Lemma le_of_forall_pow_mul_le (X Y : R) (n : nat) :
  0 <= X -> (forall r, 0 < r < 1 -> X * r ^ n <= Y) -> X <= Y.
Proof.
  intros HX HXY. apply le_epsilon. intros eps Heps.
  assert (Hn := pos_INR n).
  set (d := eps / (INR n * X + eps + 1)).
  assert (Hden : 0 < INR n * X + eps + 1) by nra.
  assert (Hdden : d * (INR n * X + eps + 1) = eps) by (unfold d; field; lra).
  assert (Hd : 0 < d < 1) by (split; [apply Rdiv_lt_0_compat|]; nra).
  assert (Hnd : INR n * d * X <= eps) by nra.
  assert (Hbern := pow_1_minus_ge d n ltac:(lra)).
  assert (H := HXY (1 - d) ltac:(lra)). nra.
Qed.

Lemma le_of_forall_le_add_geometric (X Y K q : R) (N0 : nat) :
  0 <= K -> 0 <= q < 1 ->
  (forall N, (N0 <= N)%nat -> X <= Y + K * (q ^ S N / (1 - q))) -> X <= Y.
Proof.
  intros HK Hq HXY. apply le_epsilon. intros eps Heps.
  destruct (pow_lt_1_zero q ltac:(rewrite Rabs_pos_eq; lra) (eps * (1 - q) / (K + 1)))
    as [M HM]; [apply Rdiv_lt_0_compat; nra|].
  set (N := Nat.max N0 M).
  specialize (HM (S N) ltac:(lia)). rewrite Rabs_pos_eq in HM by (apply pow_le; lra).
  set (e := q ^ S N / (1 - q)) in *.
  assert (He : e * (1 - q) = q ^ S N) by (unfold e; field; lra).
  assert (He0 : 0 <= e) by (apply Rdiv_le_0_compat; [apply pow_le|]; lra).
  assert (HeK : e * (K + 1) < eps).
  { apply (Rmult_lt_reg_r (1 - q)); [lra|].
    apply (Rmult_lt_compat_r (K + 1)) in HM; [|lra].
    unfold Rdiv in HM. rewrite Rmult_assoc, Rinv_l, Rmult_1_r in HM by lra. nra. }
  assert (HN := HXY N ltac:(lia)). fold e in HN. nra.
Qed.

Definition polar (r t : R) : C := (r * cos t, r * sin t).

Lemma Cmod_polar (r t : R) : 0 <= r -> Cmod (polar r t) = r.
Proof.
  intros Hr. unfold Cmod, polar; cbn [fst snd].
  replace ((r * cos t) ^ 2 + (r * sin t) ^ 2) with (r ^ 2 * (sin t ^ 2 + cos t ^ 2)) by ring.
  rewrite <- !Rsqr_pow2, sin2_cos2, Rmult_1_r, Rsqr_pow2. now apply sqrt_pow2.
Qed.

Lemma polar_conj (r t : R) : Cconj (polar r t) = polar r (- t).
Proof. unfold Cconj, polar; cbn. rewrite cos_neg, sin_neg. f_equal; ring. Qed.

Lemma pow_n_polar (r t : R) (m : nat) : pow_n (polar r t) m = polar (r ^ m) (INR m * t).
Proof.
  induction m as [|m IH].
  - unfold polar; simpl. rewrite Rmult_0_l, cos_0, sin_0, Rmult_1_l, Rmult_0_r. reflexivity.
  - change (pow_n (polar r t) (S m)) with (polar r t * pow_n (polar r t) m)%C.
    rewrite IH, S_INR. unfold polar, Cmult; cbn [fst snd].
    rewrite Rmult_plus_distr_r, Rmult_1_l, Rplus_comm, cos_plus, sin_plus. simpl. f_equal; ring.
Qed.

Lemma Im_mul_polar (w : C) (rho th : R) :
  Im (w * polar rho th)%C = rho * (Re w * sin th + Im w * cos th).
Proof. destruct w as [x y]. unfold polar, Cmult, Re, Im; cbn. ring. Qed.

Lemma pow_n_RtoC (x : R) (m : nat) : pow_n (RtoC x) m = RtoC (x ^ m).
Proof.
  induction m as [|m IH]; [reflexivity|].
  change (pow_n (RtoC x) (S m)) with (RtoC x * pow_n (RtoC x) m)%C.
  rewrite IH. unfold Cmult, RtoC; cbn. f_equal; ring.
Qed.

Section TypicallyReal.

Variables (f : C -> C) (c : nat -> C).
Hypothesis f_series : forall z, Cmod z < 1 -> is_series (fun n => (c n * pow_n z n)%C) (f z).
Hypothesis Im_f_upper : forall z, Cmod z < 1 -> 0 <= Im z -> Im (f z) <= Im (f 0%C).
Hypothesis Im_f_conj : forall z, Cmod z < 1 ->
  Im (f (Cconj z)) - Im (f 0%C) = - (Im (f z) - Im (f 0%C)).

(* The terms of the series at [r' = (1 + r) / 2] tend to 0, hence
   [Cmod (c m) * r ^ m <= (r / r') ^ m] eventually. *)
Lemma coef_geometric_bound (r : R) : 0 < r < 1 ->
  exists q N0, 0 <= q < 1 /\ forall m, (N0 <= m)%nat -> Cmod (c m) * r ^ m <= q ^ m.
Proof.
  intros Hr. set (r' := (1 + r) / 2).
  assert (Hr' : r < r' < 1) by (unfold r'; lra).
  assert (Hz : Cmod (RtoC r') < 1) by (rewrite Cmod_R, Rabs_pos_eq; lra).
  destruct (is_series_Re_Im _ _ (f_series _ Hz)) as [HRe HIm].
  assert (HRe0 := proj2 (is_lim_seq_spec _ _) (ex_series_lim_0 _ (ex_intro _ _ HRe))).
  assert (HIm0 := proj2 (is_lim_seq_spec _ _) (ex_series_lim_0 _ (ex_intro _ _ HIm))).
  destruct (HRe0 (mkposreal (1/2) ltac:(lra))) as [N1 HN1].
  destruct (HIm0 (mkposreal (1/2) ltac:(lra))) as [N2 HN2].
  exists (r / r'), (Nat.max N1 N2). split.
  { split; [apply Rdiv_le_0_compat; lra|].
    apply (Rmult_lt_reg_r r'); [lra|]. unfold Rdiv. rewrite Rmult_assoc, Rinv_l; lra. }
  intros m Hm.
  specialize (HN1 m ltac:(lia)). specialize (HN2 m ltac:(lia)).
  change (Rabs (Re (c m * pow_n (RtoC r') m) - 0) < 1/2) in HN1.
  change (Rabs (Im (c m * pow_n (RtoC r') m) - 0) < 1/2) in HN2.
  rewrite Rminus_0_r in HN1, HN2.
  assert (Hterm := Cmod_le_Rabs_Re_Im (c m * pow_n (RtoC r') m)).
  rewrite Cmod_mult, pow_n_RtoC, Cmod_R, Rabs_pos_eq in Hterm by (apply pow_le; lra).
  rewrite pow_n_RtoC in HN1, HN2.
  assert (Er : r ^ m = r' ^ m * (r / r') ^ m) by (rewrite <- Rpow_mult_distr; f_equal; field; lra).
  assert (0 <= (r / r') ^ m) by (apply pow_le, Rdiv_le_0_compat; lra).
  rewrite Er, <- Rmult_assoc. rewrite <- (Rmult_1_l ((r / r') ^ m)) at 2.
  apply Rmult_le_compat_r; lra.
Qed.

## [What is being asked]
Repeat every line of the material exactly.

## [Result for this exercise]
Lemma le_of_forall_pow_mul_le (X Y : R) (n : nat) :
  0 <= X -> (forall r, 0 < r < 1 -> X * r ^ n <= Y) -> X <= Y.
Proof.
  intros HX HXY. apply le_epsilon. intros eps Heps.
  assert (Hn := pos_INR n).
  set (d := eps / (INR n * X + eps + 1)).
  assert (Hden : 0 < INR n * X + eps + 1) by nra.
  assert (Hdden : d * (INR n * X + eps + 1) = eps) by (unfold d; field; lra).
  assert (Hd : 0 < d < 1) by (split; [apply Rdiv_lt_0_compat|]; nra).
  assert (Hnd : INR n * d * X <= eps) by nra.
  assert (Hbern := pow_1_minus_ge d n ltac:(lra)).
  assert (H := HXY (1 - d) ltac:(lra)). nra.
Qed.

Lemma le_of_forall_le_add_geometric (X Y K q : R) (N0 : nat) :
  0 <= K -> 0 <= q < 1 ->
  (forall N, (N0 <= N)%nat -> X <= Y + K * (q ^ S N / (1 - q))) -> X <= Y.
Proof.
  intros HK Hq HXY. apply le_epsilon. intros eps Heps.
  destruct (pow_lt_1_zero q ltac:(rewrite Rabs_pos_eq; lra) (eps * (1 - q) / (K + 1)))
    as [M HM]; [apply Rdiv_lt_0_compat; nra|].
  set (N := Nat.max N0 M).
  specialize (HM (S N) ltac:(lia)). rewrite Rabs_pos_eq in HM by (apply pow_le; lra).
  set (e := q ^ S N / (1 - q)) in *.
  assert (He : e * (1 - q) = q ^ S N) by (unfold e; field; lra).
  assert (He0 : 0 <= e) by (apply Rdiv_le_0_compat; [apply pow_le|]; lra).
  assert (HeK : e * (K + 1) < eps).
  { apply (Rmult_lt_reg_r (1 - q)); [lra|].
    apply (Rmult_lt_compat_r (K + 1)) in HM; [|lra].
    unfold Rdiv in HM. rewrite Rmult_assoc, Rinv_l, Rmult_1_r in HM by lra. nra. }
  assert (HN := HXY N ltac:(lia)). fold e in HN. nra.
Qed.

Definition polar (r t : R) : C := (r * cos t, r * sin t).

Lemma Cmod_polar (r t : R) : 0 <= r -> Cmod (polar r t) = r.
Proof.
  intros Hr. unfold Cmod, polar; cbn [fst snd].
  replace ((r * cos t) ^ 2 + (r * sin t) ^ 2) with (r ^ 2 * (sin t ^ 2 + cos t ^ 2)) by ring.
  rewrite <- !Rsqr_pow2, sin2_cos2, Rmult_1_r, Rsqr_pow2. now apply sqrt_pow2.
Qed.

Lemma polar_conj (r t : R) : Cconj (polar r t) = polar r (- t).
Proof. unfold Cconj, polar; cbn. rewrite cos_neg, sin_neg. f_equal; ring. Qed.

Lemma pow_n_polar (r t : R) (m : nat) : pow_n (polar r t) m = polar (r ^ m) (INR m * t).
Proof.
  induction m as [|m IH].
  - unfold polar; simpl. rewrite Rmult_0_l, cos_0, sin_0, Rmult_1_l, Rmult_0_r. reflexivity.
  - change (pow_n (polar r t) (S m)) with (polar r t * pow_n (polar r t) m)%C.
    rewrite IH, S_INR. unfold polar, Cmult; cbn [fst snd].
    rewrite Rmult_plus_distr_r, Rmult_1_l, Rplus_comm, cos_plus, sin_plus. simpl. f_equal; ring.
Qed.

Lemma Im_mul_polar (w : C) (rho th : R) :
  Im (w * polar rho th)%C = rho * (Re w * sin th + Im w * cos th).
Proof. destruct w as [x y]. unfold polar, Cmult, Re, Im; cbn. ring. Qed.

Lemma pow_n_RtoC (x : R) (m : nat) : pow_n (RtoC x) m = RtoC (x ^ m).
Proof.
  induction m as [|m IH]; [reflexivity|].
  change (pow_n (RtoC x) (S m)) with (RtoC x * pow_n (RtoC x) m)%C.
  rewrite IH. unfold Cmult, RtoC; cbn. f_equal; ring.
Qed.

Section TypicallyReal.

Variables (f : C -> C) (c : nat -> C).
Hypothesis f_series : forall z, Cmod z < 1 -> is_series (fun n => (c n * pow_n z n)%C) (f z).
Hypothesis Im_f_upper : forall z, Cmod z < 1 -> 0 <= Im z -> Im (f z) <= Im (f 0%C).
Hypothesis Im_f_conj : forall z, Cmod z < 1 ->
  Im (f (Cconj z)) - Im (f 0%C) = - (Im (f z) - Im (f 0%C)).

(* The terms of the series at [r' = (1 + r) / 2] tend to 0, hence
   [Cmod (c m) * r ^ m <= (r / r') ^ m] eventually. *)
Lemma coef_geometric_bound (r : R) : 0 < r < 1 ->
  exists q N0, 0 <= q < 1 /\ forall m, (N0 <= m)%nat -> Cmod (c m) * r ^ m <= q ^ m.
Proof.
  intros Hr. set (r' := (1 + r) / 2).
  assert (Hr' : r < r' < 1) by (unfold r'; lra).
  assert (Hz : Cmod (RtoC r') < 1) by (rewrite Cmod_R, Rabs_pos_eq; lra).
  destruct (is_series_Re_Im _ _ (f_series _ Hz)) as [HRe HIm].
  assert (HRe0 := proj2 (is_lim_seq_spec _ _) (ex_series_lim_0 _ (ex_intro _ _ HRe))).
  assert (HIm0 := proj2 (is_lim_seq_spec _ _) (ex_series_lim_0 _ (ex_intro _ _ HIm))).
  destruct (HRe0 (mkposreal (1/2) ltac:(lra))) as [N1 HN1].
  destruct (HIm0 (mkposreal (1/2) ltac:(lra))) as [N2 HN2].
  exists (r / r'), (Nat.max N1 N2). split.
  { split; [apply Rdiv_le_0_compat; lra|].
    apply (Rmult_lt_reg_r r'); [lra|]. unfold Rdiv. rewrite Rmult_assoc, Rinv_l; lra. }
  intros m Hm.
  specialize (HN1 m ltac:(lia)). specialize (HN2 m ltac:(lia)).
  change (Rabs (Re (c m * pow_n (RtoC r') m) - 0) < 1/2) in HN1.
  change (Rabs (Im (c m * pow_n (RtoC r') m) - 0) < 1/2) in HN2.
  rewrite Rminus_0_r in HN1, HN2.
  assert (Hterm := Cmod_le_Rabs_Re_Im (c m * pow_n (RtoC r') m)).
  rewrite Cmod_mult, pow_n_RtoC, Cmod_R, Rabs_pos_eq in Hterm by (apply pow_le; lra).
  rewrite pow_n_RtoC in HN1, HN2.
  assert (Er : r ^ m = r' ^ m * (r / r') ^ m) by (rewrite <- Rpow_mult_distr; f_equal; field; lra).
  assert (0 <= (r / r') ^ m) by (apply pow_le, Rdiv_le_0_compat; lra).
  rewrite Er, <- Rmult_assoc. rewrite <- (Rmult_1_l ((r / r') ^ m)) at 2.
  apply Rmult_le_compat_r; lra.
Qed.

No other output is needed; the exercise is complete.